Data section Start Marker

Lemma bounded_family_cluster (R : realType) (n : nat) (F : R -> set 'M[R]_n) (d1 B : R) :
  0 < d1 -> (forall d d', d <= d' -> F d `<=` F d') ->
  (forall d, 0 < d -> F d !=set0) ->
  (forall P, F d1 P -> forall i j, `|P i j| <= B) ->
  exists Ps, forall e d, 0 < e -> 0 < d -> exists2 P, F d P & l1mx (Ps - P) <= e.
Proof.
move=> d1_gt0 Fmono Fne Fbound.
pose G := filter_from [set d | 0 < d <= d1] (fun d => mxvec @` F d).
have G_proper : ProperFilter G.
  apply: filter_from_proper; last first.
    by move=> d /andP[d0 _]; have [P FP] := Fne d d0; exists (mxvec P), P.
  apply: filter_from_filter; first by exists d1; rewrite /= d1_gt0 lexx.
  move=> d d' /andP[d0 dd1] /andP[d'0 d'd1]; exists (Num.min d d').
    by rewrite /= lt_min d0 d'0 ge_min dd1.
  by move=> _ [P FP <-]; split; exists P => //; apply: Fmono FP; rewrite ge_min lexx ?orbT.
have G_box : G [set v | forall i, `[- B, B]%classic (v ord0 i)].
  exists d1; first by rewrite /= d1_gt0 lexx.
  move=> _ [P FP <-] i; case/mxvec_indexP: i => i j.
  by rewrite /= mxvecE in_itv /= -ler_norml Fbound.
have [p [_ p_cluster]] := rV_compact (fun _ => @segment_compact R (- B) B) G_proper G_box.
exists (vec_mx p) => e d e0 d0.
have nn : 0 < (n * n)%:R + 1 :> R by rewrite ltr_pwDr.
set e' := e / ((n * n)%:R + 1).
have e'0 : 0 < e' by rewrite divr_gt0.
have Gd : G (mxvec @` F (Num.min d d1)).
  by exists (Num.min d d1) => //=; rewrite lt_min d0 d1_gt0 ge_min lexx orbT.
have [_ [[P FP <-] pP]] := p_cluster _ _ Gd (nbhsx_ballx p e' e'0).
exists P; first by apply: Fmono FP; rewrite ge_min lexx.
apply: (@le_trans _ _ (\sum_(i < n) \sum_(j < n) e')).
  apply: ler_sum => i _; apply: ler_sum => j _; apply: ltW.
  by move: pP => [_ /(_ ord0 (mxvec_index i j))]; rewrite /ball /= mxvecE !mxE.
rewrite !big_const_ord !iter_addr_0 -mulrnA -mulr_natr /e' mulrAC ler_pdivrMr //.
by rewrite ler_pM2l // lerDl.
Qed.

Section Main.
Variables (R : realType) (n k : nat) (N : 'rV[R]_n -> R) (Y : 'M[R]_n) (s : seq 'rV[R]_n).
Hypothesis HN : is_norm N.
Hypothesis Hs : ball1 N = conv_hull s.
Hypothesis k_gt0 : (0 < k)%N.
Hypothesis rY : \rank Y = k.
Implicit Types (A : {set code_type s}) (P : 'M[R]_n) (y : 'rV[R]_n).

Definition near_min_proj A (d : R) : set 'M[R]_n :=
  [set P | exists Y0, [/\ \rank Y0 = k, hdist N Y Y0 <= d,
                        is_min_proj N Y0 P & norming_codes N s P = A]].

Lemma near_min_proj_mono A d d' : d <= d' -> near_min_proj A d `<=` near_min_proj A d'.
Proof. by move=> dd' P [Y0 [rY0 Y0d minP PA]]; exists Y0; split => //; exact: le_trans dd'. Qed.

Lemma approx_by_near (Y0 : 'M[R]_n) (d d' : R) : \rank Y0 = k -> hdist N Y Y0 <= d -> d < d' ->
  approx_by N d' Y Y0 /\ approx_by N d' Y0 Y.
Proof. by move=> rY0; apply: (hdist_approx_by HN); rewrite ?rY ?rY0. Qed.

Lemma recurring_codes m :
  ~ (exists r : R, 0 < r /\ forall Y0 : 'M[R]_n, \rank Y0 = k -> hdist N Y Y0 <= r ->
       forall P, is_min_proj N Y0 P -> at_most_norming N P m) ->
  exists A, (m < #|A|)%N /\ forall d, 0 < d -> near_min_proj A d !=set0.
Proof.
move=> no_r.
have [|r r0|A AP] := @fin_witness_uniform R _
  (fun d A => (m < #|A|)%N /\ near_min_proj A d !=set0).
- by move=> d d' A dd' [Am [P Pd]]; split=> //; exists P; exact: near_min_proj_mono Pd.
- apply: contrapT => /forallNP no_bad; apply: no_r; exists r; split=> // Y0 rY0 Y0r P minP.
  apply/(at_most_normingE HN Hs); rewrite leqNgt; apply/negP => Pm.
  by apply: (no_bad (norming_codes N s P)); split=> //; exists P, Y0.
by exists A; split=> [|d d0]; [exact: (AP 1 ltr01).1 | exact: (AP d d0).2].
Qed.

Let Q0 := proj_mx Y (Y^C)%MS.
Let c0 := op_norm N Q0.
(* (c0 + 1) * d0 = 1/2, the threshold of proj_const_near. *)
Let d0 := (2 * (c0 + 1))^-1.

Let c0_ge0 : 0 <= c0. Proof. exact: op_norm_ge0 HN Hs Q0. Qed.

Let d0_gt0 : 0 < d0. Proof. by rewrite invr_gt0 mulr_gt0 // ltr_pwDr. Qed.

Lemma min_proj_bounded (Y0 : 'M[R]_n) P (d : R) : \rank Y0 = k -> 0 <= d -> d <= d0 ->
  approx_by N d Y0 Y -> is_min_proj N Y0 P -> op_norm N P <= 2 * c0.
Proof.
move=> rY0 d_ge0 dd0; apply: (min_proj_near_le HN Hs _ (is_proj_proj_mx Y) d_ge0).
  by rewrite rY0 rY.
apply: le_trans (ler_wpM2l (addr_ge0 c0_ge0 ler01) dd0) _.
by rewrite /d0 invfM mulrCA mulfV ?mulr1 // gt_eqF // ltr_pwDr.
Qed.

Lemma near_min_proj_cluster A : (forall d, 0 < d -> near_min_proj A d !=set0) ->
  exists Ps, forall e d, 0 < e -> 0 < d ->
    exists2 P, near_min_proj A d P & l1mx (Ps - P) <= e.
Proof.
move=> Ane; have d1_gt0 : 0 < d0 / 2 by rewrite divr_gt0.
apply: (bounded_family_cluster (B := vertex_l1 s * (2 * c0) * l1_coef N) d1_gt0
  (@near_min_proj_mono A) Ane).
move=> P [Y0 [rY0 Y0d minP _]] i j.
have [|_ near] := approx_by_near rY0 Y0d (_ : d0 / 2 < d0); first by have := d0_gt0; lra.
apply: le_trans (entry_le_op_norm HN Hs _ _ _) _.
apply: (ler_wpM2r (l1_coef_ge0 HN)); apply: (ler_wpM2l (vertex_l1_ge0 s)).
exact: min_proj_bounded rY0 (ltW d0_gt0) (lexx _) near minP.
Qed.

Section Limit.
Variables (A : {set code_type s}) (Ps : 'M[R]_n).
Hypothesis near_Ps : forall e d, 0 < e -> 0 < d ->
  exists2 P, near_min_proj A d P & l1mx (Ps - P) <= e.

Lemma near_limit e : 0 < e -> exists Y0 P,
  [/\ \rank Y0 = k, is_min_proj N Y0 P, norming_codes N s P = A, l1mx (Ps - P) <= e
    & approx_by N e Y Y0 /\ approx_by N e Y0 Y].
Proof.
move=> e0; have [|P [Y0 [rY0 Y0e minP PA]] PsP] := near_Ps e0 (_ : 0 < e / 2); first by lra.
have [|YY0 Y0Y] := approx_by_near rY0 Y0e (_ : e / 2 < e); first by lra.
by exists Y0, P.
Qed.

Lemma limit_fixes_Y y : (y <= Y)%MS -> y *m Ps = y.
Proof.
move=> yY; apply/eqP; rewrite -subr_eq0; apply/eqP.
apply: (Nnorm_small_eq0 HN (b := (mulmx_coef N s + 2 * c0 + 1) * N y) _ d0_gt0).
  by rewrite mulr_ge0 ?Nnorm_ge0 // !addr_ge0 ?mulmx_coef_ge0 ?mulr_ge0.
move=> e e0 ed0; have [Y0 [P [rY0 minP _ PsP [YY0 Y0Y]]]] := near_limit e0.
have Pb := min_proj_bounded rY0 (ltW e0) ed0 Y0Y minP.
have [z zY0 yz] := YY0 y yY.
have -> : y *m Ps - y = y *m (Ps - P) + (y - z) *m P + (z - y).
  by rewrite mulmxBr mulmxBl (minP.1.2 z zY0) !addrA subrK addrNK.
have yPsP := ler_N_mulmx_l1mx HN Hs y PsP.
have yzP : N ((y - z) *m P) <= 2 * c0 * e * N y.
  apply: le_trans (ler_op_norm HN Hs _ _) _; rewrite -mulrA.
  exact: ler_pM (op_norm_ge0 HN Hs P) (Nnorm_ge0 HN _) Pb yz.
have zy : N (z - y) <= e * N y by rewrite -NnormN // opprB.
have := ler_NnormD HN (y *m (Ps - P) + (y - z) *m P) (z - y).
have := ler_NnormD HN (y *m (Ps - P)) ((y - z) *m P).
by lra.
Qed.

Lemma limit_sub_Y : (Ps <= Y)%MS.
Proof.
apply/row_subP => i; rewrite rowE; set x := delta_mx 0 i : 'rV[R]_n.
apply: (submx_of_near HN Hs (b := (mulmx_coef N s + 2 * c0) * N x) _ d0_gt0).
  by rewrite mulr_ge0 ?Nnorm_ge0 // addr_ge0 ?(mulmx_coef_ge0 s HN) ?mulr_ge0.
move=> e e0 ed0; have [Y0 [P [rY0 minP _ PsP [_ Y0Y]]]] := near_limit e0.
have Pb := min_proj_bounded rY0 (ltW e0) ed0 Y0Y minP.
have [w wY xPw] := Y0Y (x *m P) (proj_sub x minP.1).
exists w => //.
have -> : x *m Ps - w = x *m (Ps - P) + (x *m P - w) by rewrite mulmxBr addrA subrK.
have xPsP := ler_N_mulmx_l1mx HN Hs x PsP.
have xP : N (x *m P) <= 2 * c0 * N x.
  apply: le_trans (ler_op_norm HN Hs _ _) _.
  exact: (ler_wpM2r (Nnorm_ge0 HN x) Pb).
have := ler_NnormD HN (x *m (Ps - P)) (x *m P - w).
have := ler_wpM2l (ltW e0) xP.
by lra.
Qed.

Lemma limit_op_norm_le : op_norm N Ps <= proj_const N Y.
Proof.
apply/ler_addgt0Pr => eta eta0.
have [Q projQ Qeta] := proj_const_approx N Y eta0; set q := op_norm N Q in Qeta *.
have q0 : 0 <= q := op_norm_ge0 HN Hs Q.
suff : op_norm N Ps <= q by move=> Psq; apply: le_trans Psq (ltW Qeta).
rewrite -subr_le0; set c := (2 * (q + 1))^-1.
have c0' : 0 < c by rewrite invr_gt0 mulr_gt0 // ltr_pwDr.
apply: (le0_small_mul (b := 2 * q * (q + 1) + mulmx_coef N s) _ c0').
  by rewrite addr_ge0 ?(mulmx_coef_ge0 s HN) // !mulr_ge0 // addr_ge0.
move=> e e0 ec; have [Y0 [P [rY0 [_ PY0] _ PsP [_ Y0Y]]]] := near_limit e0.
have small : (q + 1) * e <= 2^-1.
  apply: le_trans (ler_wpM2l (addr_ge0 q0 ler01) ec) _.
  by rewrite /c invfM mulrCA mulfV ?mulr1 // gt_eqF // ltr_pwDr.
have rY0' : \rank Y0 = \rank Y by rewrite rY0 rY.
have := proj_const_near HN Hs rY0' projQ (ltW e0) small Y0Y; rewrite -PY0 -/q.
have := op_norm_lipschitz HN Hs Ps P; rewrite ler_norml => /andP[_].
have := ler_wpM2l (mulmx_coef_ge0 s HN) PsP.
by lra.
Qed.

(* A code determines its norming pair, so one pair (x, f) norms all the
   projections of the family, hence also their limit. *)
Lemma limit_norming_codes : A \subset norming_codes N s Ps.
Proof.
apply/fintype.subsetP => t tA.
have [Y1 [P1 [_ _ P1A _ _]]] := near_limit ltr01.
have /norming_codesP[x [f [xf1 xft]]] : t \in norming_codes N s P1 by rewrite P1A.
subst t.
have [ex ef _] := xf1; apply/norming_codesP; exists x, f; split=> //; split=> //.
apply/eqP; rewrite -subr_eq0 -normr_le0.
apply: (le0_small_mul (b := l1norm x * l1norm f + mulmx_coef N s) _ ltr01).
  by rewrite addr_ge0 ?(mulmx_coef_ge0 s HN) // mulr_ge0 ?l1norm_ge0.
move=> e e0 _; have [Y0 [P [_ _ PA PsP _]]] := near_limit e0.
have /norming_codesP[x' [f' [xf' code_eq]]] : code s x f \in norming_codes N s P.
  by rewrite PA.
have [xx' ff'] := norming_pair_code_inj HN Hs xf1 xf' (esym code_eq); subst x' f'.
have [_ _ Pxf] := xf'.
have -> : pairing f (x *m Ps) - op_norm N Ps =
          pairing f (x *m (Ps - P)) + (op_norm N P - op_norm N Ps).
  by rewrite mulmxBr pairingBr Pxf addrA subrK.
have pair_small : `|pairing f (x *m (Ps - P))| <= l1norm x * e * l1norm f.
  apply: le_trans (ler_pairing _ _) _; apply: (ler_wpM2r (l1norm_ge0 f)).
  apply: le_trans (ler_l1norm_mulmx _ _) _; exact: (ler_wpM2l (l1norm_ge0 x)).
have := op_norm_lipschitz HN Hs P Ps; rewrite -l1mxN opprB.
have := ler_wpM2l (mulmx_coef_ge0 s HN) PsP.
have := ler_normD (pairing f (x *m (Ps - P))) (op_norm N P - op_norm N Ps).
by lra.
Qed.

Lemma limit_is_min_proj : is_min_proj N Y Ps.
Proof.
have projPs : is_proj Y Ps by split; [exact: limit_sub_Y | exact: limit_fixes_Y].
by split=> //; apply/eqP; rewrite eq_le limit_op_norm_le (proj_const_le HN Hs projPs).
Qed.

End Limit.

End Main.

Theorem mainTheorem16 (R : realType) (n k m : nat) (N : 'rV[R]_n -> R)
    (Y : 'M[R]_n) :
  is_norm N -> polyhedral N ->
  (2 <= k)%N -> (k <= n.-1)%N -> (0 < m)%N ->
  \rank Y = k ->
  (forall P, is_min_proj N Y P -> at_most_norming N P m) ->
  exists r : R, 0 < r /\
    forall Y0 : 'M[R]_n, \rank Y0 = k -> hdist N Y Y0 <= r ->
      forall P, is_min_proj N Y0 P -> at_most_norming N P m.
Proof.
move=> HN [s Hs] k_ge2 _ _ rY Ym; have k_gt0 : (0 < k)%N by apply: leq_trans k_ge2.
apply: contrapT => no_r.
have [A [Am A_recurs]] := recurring_codes HN Hs no_r.
have [Ps near_Ps] := near_min_proj_cluster HN Hs k_gt0 rY A_recurs.
have Ps_min := limit_is_min_proj HN Hs k_gt0 rY near_Ps.
have card_A : (#|A| <= m)%N.
  apply: leq_trans (subset_leq_card (limit_norming_codes HN Hs k_gt0 rY near_Ps)) _.
  exact/(at_most_normingE HN Hs)/Ym.
by rewrite leqNgt Am in card_A.
Qed.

Data section End Marker

Exercise aim => From the opening line of the data above, please print each line as written up to and including the line that contains "rewrite !big_const_ord !iter_addr_0", and nothing more.

Solution =>
Lemma bounded_family_cluster (R : realType) (n : nat) (F : R -> set 'M[R]_n) (d1 B : R) :
  0 < d1 -> (forall d d', d <= d' -> F d `<=` F d') ->
  (forall d, 0 < d -> F d !=set0) ->
  (forall P, F d1 P -> forall i j, `|P i j| <= B) ->
  exists Ps, forall e d, 0 < e -> 0 < d -> exists2 P, F d P & l1mx (Ps - P) <= e.
Proof.
move=> d1_gt0 Fmono Fne Fbound.
pose G := filter_from [set d | 0 < d <= d1] (fun d => mxvec @` F d).
have G_proper : ProperFilter G.
  apply: filter_from_proper; last first.
    by move=> d /andP[d0 _]; have [P FP] := Fne d d0; exists (mxvec P), P.
  apply: filter_from_filter; first by exists d1; rewrite /= d1_gt0 lexx.
  move=> d d' /andP[d0 dd1] /andP[d'0 d'd1]; exists (Num.min d d').
    by rewrite /= lt_min d0 d'0 ge_min dd1.
  by move=> _ [P FP <-]; split; exists P => //; apply: Fmono FP; rewrite ge_min lexx ?orbT.
have G_box : G [set v | forall i, `[- B, B]%classic (v ord0 i)].
  exists d1; first by rewrite /= d1_gt0 lexx.
  move=> _ [P FP <-] i; case/mxvec_indexP: i => i j.
  by rewrite /= mxvecE in_itv /= -ler_norml Fbound.
have [p [_ p_cluster]] := rV_compact (fun _ => @segment_compact R (- B) B) G_proper G_box.
exists (vec_mx p) => e d e0 d0.
have nn : 0 < (n * n)%:R + 1 :> R by rewrite ltr_pwDr.
set e' := e / ((n * n)%:R + 1).
have e'0 : 0 < e' by rewrite divr_gt0.
have Gd : G (mxvec @` F (Num.min d d1)).
  by exists (Num.min d d1) => //=; rewrite lt_min d0 d1_gt0 ge_min lexx orbT.
have [_ [[P FP <-] pP]] := p_cluster _ _ Gd (nbhsx_ballx p e' e'0).
exists P; first by apply: Fmono FP; rewrite ge_min lexx.
apply: (@le_trans _ _ (\sum_(i < n) \sum_(j < n) e')).
  apply: ler_sum => i _; apply: ler_sum => j _; apply: ltW.
  by move: pP => [_ /(_ ord0 (mxvec_index i j))]; rewrite /ball /= mxvecE !mxE.
rewrite !big_const_ord !iter_addr_0 -mulrnA -mulr_natr /e' mulrAC ler_pdivrMr //.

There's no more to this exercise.